Cada verano ocurre lo mismo. Encendemos la televisión, aparece un mapa de España teñido de rojo y empezamos a practicar una de nuestras especialidades nacionales: buscar un culpable. Que si un pirómano, que si los montes están sucios, que si nadie desbroza, que si una chispa mal puesta. Cualquier explicación sirve, siempre que permita no hablar demasiado de que estamos calentando el planeta como quien deja el horno encendido y luego se sorprende porque la cocina parece el infierno.

Y así, mientras los bomberos se juegan la vida, las redes sociales ya han dictado sentencia.
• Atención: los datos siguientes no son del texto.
Lemma bonami_moment n k a : (1 <= k)%nat ->
  sumR (cube n) (fun x => walsh n a x ^ (2 * k)) <= 2 ^ n * noise_weight n (2 * INR k - 1) a ^ k.
Proof.
  intros Hk; assert (Hr : 1 <= 2 * INR k - 1) by (apply le_INR in Hk; cbn in Hk; lra).
  set (r := 2 * INR k - 1) in *.
  revert a; induction n as [|n IH]; intros a.
  { unfold noise_weight; cbn [cube]; rewrite !sumR_cons, !sumR_nil, walsh_0.
    right; rewrite pow_mult; cbn [card filter length pow].
    now rewrite !Rmult_1_r, !Rplus_0_r, Rmult_1_l. }
  set (a1 := fun S => a (true :: S)); set (a0 := fun S => a (false :: S)).
  rewrite sumR_cube_S, <- sumR_plus.
  apply Rle_trans with
    (sumR (cube n) (fun x => 2 * (walsh n a0 x ^ 2 + r * walsh n a1 x ^ 2) ^ k)).
  { apply sumR_le_in; intros x _; rewrite !walsh_cons; cbn [pm]; fold a0 a1.
    replace (1 * walsh n a1 x + walsh n a0 x) with (walsh n a0 x + walsh n a1 x) by ring.
    replace (-1 * walsh n a1 x + walsh n a0 x) with (walsh n a0 x - walsh n a1 x) by ring.
    apply two_point_moment. }
  rewrite sumR_mult_l, noise_weight_S; fold a0 a1.
  replace (2 ^ S n) with (2 * 2 ^ n) by reflexivity; rewrite Rmult_assoc.
  apply Rmult_le_compat_l; [lra|].
  (* Minkowski in L^k for X = (walsh a0)^2 and Y = r (walsh a1)^2, each bounded by induction *)
  apply sumR_pow_add_le; auto.
  - apply pow_le; lra.
  - apply noise_weight_nonneg; lra.
  - apply Rmult_le_pos; [lra | apply noise_weight_nonneg; lra].
  - intros; apply pow2_ge_0.
  - intros; apply Rmult_le_pos; [lra | apply pow2_ge_0].
  - rewrite <- (IH a0); right; apply sumR_ext_in; intros; now rewrite pow_mult.
  - rewrite (sumR_ext_in _ _ (fun x => r ^ k * walsh n a1 x ^ (2 * k)))
      by (intros; now rewrite Rpow_mult_distr, pow_mult).
    rewrite sumR_mult_l, Rpow_mult_distr.
    replace (2 ^ n * (r ^ k * noise_weight n r a1 ^ k))
      with (r ^ k * (2 ^ n * noise_weight n r a1 ^ k)) by ring.
    apply Rmult_le_compat_l; [apply pow_le; lra | apply IH].
Qed.

Lemma Prob_le_1 n P (Pdec : forall x, {P x} + {~ P x}) : Prob n P Pdec <= 1.
Proof.
  unfold Prob; apply (Rmult_le_reg_r (2 ^ n)); [apply pow_lt; lra|].
  unfold Rdiv; rewrite Rmult_assoc, Rinv_l, Rmult_1_r, Rmult_1_l by (apply pow_nonzero; lra).
  rewrite <- (Rmult_1_r (2 ^ n)), <- sumR_cube_const.
  apply sumR_le_in; intros x _; destruct (Pdec x); lra.
Qed.

Lemma Prob_le_moment n P (Pdec : forall x, {P x} + {~ P x}) g t k : 0 < t ->
  (forall x, In x (cube n) -> P x -> t <= Rabs (g x)) ->
  Prob n P Pdec <= Expect n (fun x => g x ^ (2 * k)) / t ^ (2 * k).
Proof.
  intros Ht HP; assert (Htk : 0 < t ^ (2 * k)) by (apply pow_lt; lra).
  unfold Prob, Expect, Rdiv; rewrite Rmult_assoc, (Rmult_comm (/ 2 ^ n)), <- Rmult_assoc.
  apply Rmult_le_compat_r; [apply Rlt_le, Rinv_0_lt_compat, pow_lt; lra|].
  rewrite Rmult_comm, <- sumR_mult_l; apply sumR_le_in; intros x Hx.
  assert (Hg : 0 <= g x ^ (2 * k)) by (rewrite pow_mult; apply pow_le, pow2_ge_0).
  destruct (Pdec x) as [HPx|_]; [|apply Rmult_le_pos; auto; apply Rlt_le, Rinv_0_lt_compat, Htk].
  assert (t ^ (2 * k) <= g x ^ (2 * k)).
  { rewrite !pow_mult, <- (pow2_abs (g x)), <- pow_mult, <- pow_mult.
    apply pow_incr; split; [lra | now apply HP]. }
  apply (Rmult_le_reg_r (t ^ (2 * k))); [exact Htk|].
  rewrite (Rmult_comm (/ _)), Rmult_assoc, Rinv_l; lra.
Qed.

Lemma sumR_seq_indicator k s m v : (s <= k < s + m)%nat ->
  sumR (seq s m) (fun j => if Nat.eqb k j then v else 0) = v.
Proof.
  revert s; induction m as [|m IH]; intros s Hk; [lia|].
  cbn [seq]; rewrite sumR_cons.
  destruct (Nat.eqb_spec k s) as [->|Hne].
  - rewrite (sumR_ext_in _ _ (fun _ => 0)), sumR_const by
      (intros j Hj; apply in_seq in Hj; destruct (Nat.eqb_spec s j); [lia | reflexivity]).
    ring.
  - rewrite IH by lia; ring.
Qed.

Lemma sumR_by_card d (l : list (list bool)) h :
  (forall S, In S l -> (card S = 0 \/ d < card S)%nat -> h S = 0) ->
  sumR l h = sumR (seq 1 d) (fun j => sumR (filter (fun S => Nat.eqb (card S) j) l) h).
Proof.
  induction l as [|S l IH]; intros Hh.
  { rewrite sumR_nil, (sumR_ext_in _ _ (fun _ => 0)), sumR_const by reflexivity; ring. }
  rewrite sumR_cons, IH by (intros; apply Hh; cbn; auto).
  transitivity (sumR (seq 1 d) (fun j => (if Nat.eqb (card S) j then h S else 0) +
      sumR (filter (fun T => Nat.eqb (card T) j) l) h)).
  2:{ apply sumR_ext_in; intros j _; cbn [filter].
      destruct (Nat.eqb (card S) j); rewrite ?sumR_cons; ring. }
  rewrite sumR_plus; f_equal.
  destruct (Nat.eq_dec (card S) 0) as [H0|H0]; [|destruct (Nat.lt_ge_cases d (card S))].
  1,2: rewrite Hh by (cbn; auto; lia);
       rewrite (sumR_ext_in _ _ (fun _ => 0)), sumR_const
         by (intros j _; now destruct (Nat.eqb (card S) j)); ring.
  symmetry; apply sumR_seq_indicator; lia.
Qed.

Lemma W_nonneg n f j : 0 <= W n f j.
Proof. apply sumR_nonneg; intros; apply pow2_ge_0. Qed.

Definition trunc d (c : list bool -> R) (S : list bool) : R :=
  if Nat.leb (card S) d then c S else 0.

Section DegreeAtMost.
Variables (n d : nat) (f c : list bool -> R).
Hypothesis hf : forall x, In x (cube n) ->
  f x = sumR (filter (fun S => Nat.leb (card S) d) (cube n)) (fun S => c S * chi S x).

Lemma f_walsh x : In x (cube n) -> f x = walsh n (trunc d c) x.
Proof.
  intros Hx; rewrite hf, sumR_filter by exact Hx; apply sumR_ext_in; intros S _.
  unfold trunc; destruct (Nat.leb (card S) d); ring.
Qed.

Lemma f_sub_Expect x : In x (cube n) ->
  f x - Expect n f = walsh n (drop_const (trunc d c)) x.
Proof.
  intros Hx; rewrite <- walsh_sub_Expect, f_walsh by exact Hx.
  now rewrite (Expect_ext _ _ _ f_walsh).
Qed.

Lemma fhat_trunc S : In S (cube n) -> fhat n f S = trunc d c S.
Proof.
  intros HS; unfold fhat, Expect.
  rewrite (sumR_ext_in _ _ (fun x => chi S x * walsh n (trunc d c) x))
    by (intros x Hx; now rewrite f_walsh).
  rewrite sumR_chi_walsh by exact HS; field; apply pow_nonzero; lra.
Qed.

Lemma noise_weight_W r :
  noise_weight n r (drop_const (trunc d c)) = sumR (seq 1 d) (fun j => r ^ j * W n f j).
Proof.
  unfold noise_weight; rewrite (sumR_by_card d).
  - apply sumR_ext_in; intros j Hj; apply in_seq in Hj.
    unfold W; rewrite <- sumR_mult_l; apply sumR_ext_in; intros S HS.
    apply filter_In in HS; destruct HS as [HS Hcard]; apply Nat.eqb_eq in Hcard.
    rewrite fhat_trunc by exact HS; unfold drop_const; rewrite Hcard.
    replace (Nat.eqb j 0) with false by (symmetry; apply Nat.eqb_neq; lia); ring.
  - intros S _ [H|H]; unfold drop_const, trunc.
    + rewrite H; cbn; ring.
    + replace (Nat.leb (card S) d) with false by (symmetry; apply Nat.leb_gt; lia).
      destruct (Nat.eqb _ _); ring.
Qed.

Lemma deviation_moment_bound k t : (1 <= k)%nat -> 0 < t ->
  Prob n (dev_event n f t) (dev_event_dec n f t) <=
  sumR (seq 1 d) (fun j => (2 * INR k - 1) ^ j * W n f j) ^ k / t ^ (2 * k).
Proof.
  intros Hk Ht.
  eapply Rle_trans.
  { apply (Prob_le_moment _ _ _ (walsh n (drop_const (trunc d c))) t k Ht).
    intros x Hx Hdev; unfold dev_event in Hdev; now rewrite <- f_sub_Expect. }
  unfold Rdiv; apply Rmult_le_compat_r; [apply Rlt_le, Rinv_0_lt_compat, pow_lt; lra|].
  rewrite <- noise_weight_W; unfold Expect.
  apply (Rmult_le_reg_l (2 ^ n)); [apply pow_lt; lra|].
  unfold Rdiv; rewrite Rmult_comm, Rmult_assoc, Rinv_l, Rmult_1_r by (apply pow_nonzero; lra).
  now apply bonami_moment.
Qed.

End DegreeAtMost.

Lemma fold_omin_None l : fold_right omin None l = None -> forall o, In o l -> o = None.
Proof.
  induction l as [|a l IH]; intros H o Ho; [destruct Ho|]; cbn in H.
  destruct a, (fold_right omin None l) eqn:E; cbn in H; try discriminate.
  destruct Ho as [<-|Ho]; auto.
Qed.

Lemma fold_omin_Some_le l m : fold_right omin None l = Some m ->
  forall y, In (Some y) l -> m <= y.
Proof.
  revert m; induction l as [|a l IH]; intros m H y Hy; [destruct Hy|]; cbn in H.
  destruct Hy as [->|Hy].
  - destruct (fold_right omin None l); injection H as <-; [apply Rmin_l | lra].
  - destruct a as [x|], (fold_right omin None l) as [z|] eqn:E; cbn in H; try discriminate.
    + injection H as <-; apply Rle_trans with z; [apply Rmin_r | now apply IH].
    + discriminate (fold_omin_None l E _ Hy).
    + now apply IH.
Qed.

Lemma minterm_None_W n d f t : minterm n d f t = None ->
  forall j, In j (seq 1 d) -> W n f j = 0.
Proof.
  intros H j Hj; assert (Hn := fold_omin_None _ H (term n d f t j) (in_map _ _ _ Hj)).
  unfold term in Hn; now destruct (Req_EM_T (W n f j) 0).
Qed.

Lemma pow_le_sq_of_le_Rpower x r j : 0 < x -> (0 < j)%nat -> 0 <= r ->
  r <= Rpower x (2 / INR j) -> r ^ j <= x ^ 2.
Proof.
  intros Hx Hj Hr Hle; assert (Hj0 : 0 < INR j) by now apply lt_0_INR.
  apply Rle_trans with (Rpower x (2 / INR j) ^ j); [now apply pow_incr|].
  rewrite <- Rpower_pow, Rpower_mult by apply exp_pos.
  replace (2 / INR j * INR j) with (INR 2) by (cbn; field; lra).
  now rewrite Rpower_pow by exact Hx; right.
Qed.

Lemma weight_sum_le n d f t m r : 0 < t -> minterm n d f t = Some m -> 0 <= r <= m ->
  sumR (seq 1 d) (fun j => r ^ j * W n f j) <= (t / exp 1) ^ 2.
Proof.
  intros Ht Hm Hr.
  assert (Hd : (1 <= d)%nat) by (destruct d; [discriminate | lia]).
  assert (HdR : 1 <= INR d) by (apply le_INR in Hd; cbn in Hd; lra).
  assert (He := exp_pos 1).
  apply Rle_trans with (sumR (seq 1 d) (fun _ => (t / (INR d * exp 1)) ^ 2)).
  - apply sumR_le_in; intros j Hj; apply in_seq in Hj.
    destruct (Req_EM_T (W n f j) 0) as [HW0|HW0]; [rewrite HW0, Rmult_0_r; apply pow2_ge_0|].
    assert (HWpos : 0 < W n f j) by (assert (HW := W_nonneg n f j); lra).
    assert (Hsq : 0 < sqrt (W n f j)) by now apply sqrt_lt_R0.
    assert (Hmj : m <= Rpower (t / (INR d * exp 1 * sqrt (W n f j))) (2 / INR j)).
    { apply (fold_omin_Some_le _ _ Hm).
      replace (Some _) with (term n d f t j) by (unfold term; now destruct (Req_EM_T (W n f j) 0)).
      apply in_map, in_seq; lia. }
    apply pow_le_sq_of_le_Rpower in Hmj; [| | lia | lra].
    2:{ apply Rdiv_lt_0_compat; [lra | repeat apply Rmult_lt_0_compat; lra]. }
    apply Rle_trans with ((t / (INR d * exp 1 * sqrt (W n f j))) ^ 2 * W n f j).
    + apply Rmult_le_compat_r; [lra|].
      apply Rle_trans with (m ^ j); [apply pow_incr; lra | exact Hmj].
    + right; rewrite <- (pow2_sqrt (W n f j)) at 2 by lra; field; lra.
  - rewrite sumR_const, length_seq.
    replace (INR d * (t / (INR d * exp 1)) ^ 2) with ((t / exp 1) ^ 2 * / INR d)
      by (field; lra).
    rewrite <- (Rmult_1_r ((t / exp 1) ^ 2)) at 2.
    apply Rmult_le_compat_l; [apply pow2_ge_0|].
    rewrite <- Rinv_1; apply Rinv_le_contravar; lra.
Qed.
Antes de que se apague la última llama, siempre aparece alguien que sabe quién prendió el fuego, por qué lo hizo y, de paso, a qué partido votaba.

Pues bien, esto de buscar una cabeza de turco cuando todo se quema no lo hemos inventado nosotros. Llevamos toda la vida, de ese planeta que nos estamos cargando, haciéndolo. Y uno de los ejemplos más célebres tiene nombre propio: Nerón.

Corría el año 64 después de Cristo cuando Roma, la capital del mundo conocido, comenzó a arder. El incendio duró varios días y alcanzó unas dimensiones descomunales. De las catorce regiones en las que se dividía la ciudad, solo cuatro quedaron intactas. Tres fueron destruidas casi por completo y las siete restantes sufrieron daños gravísimos.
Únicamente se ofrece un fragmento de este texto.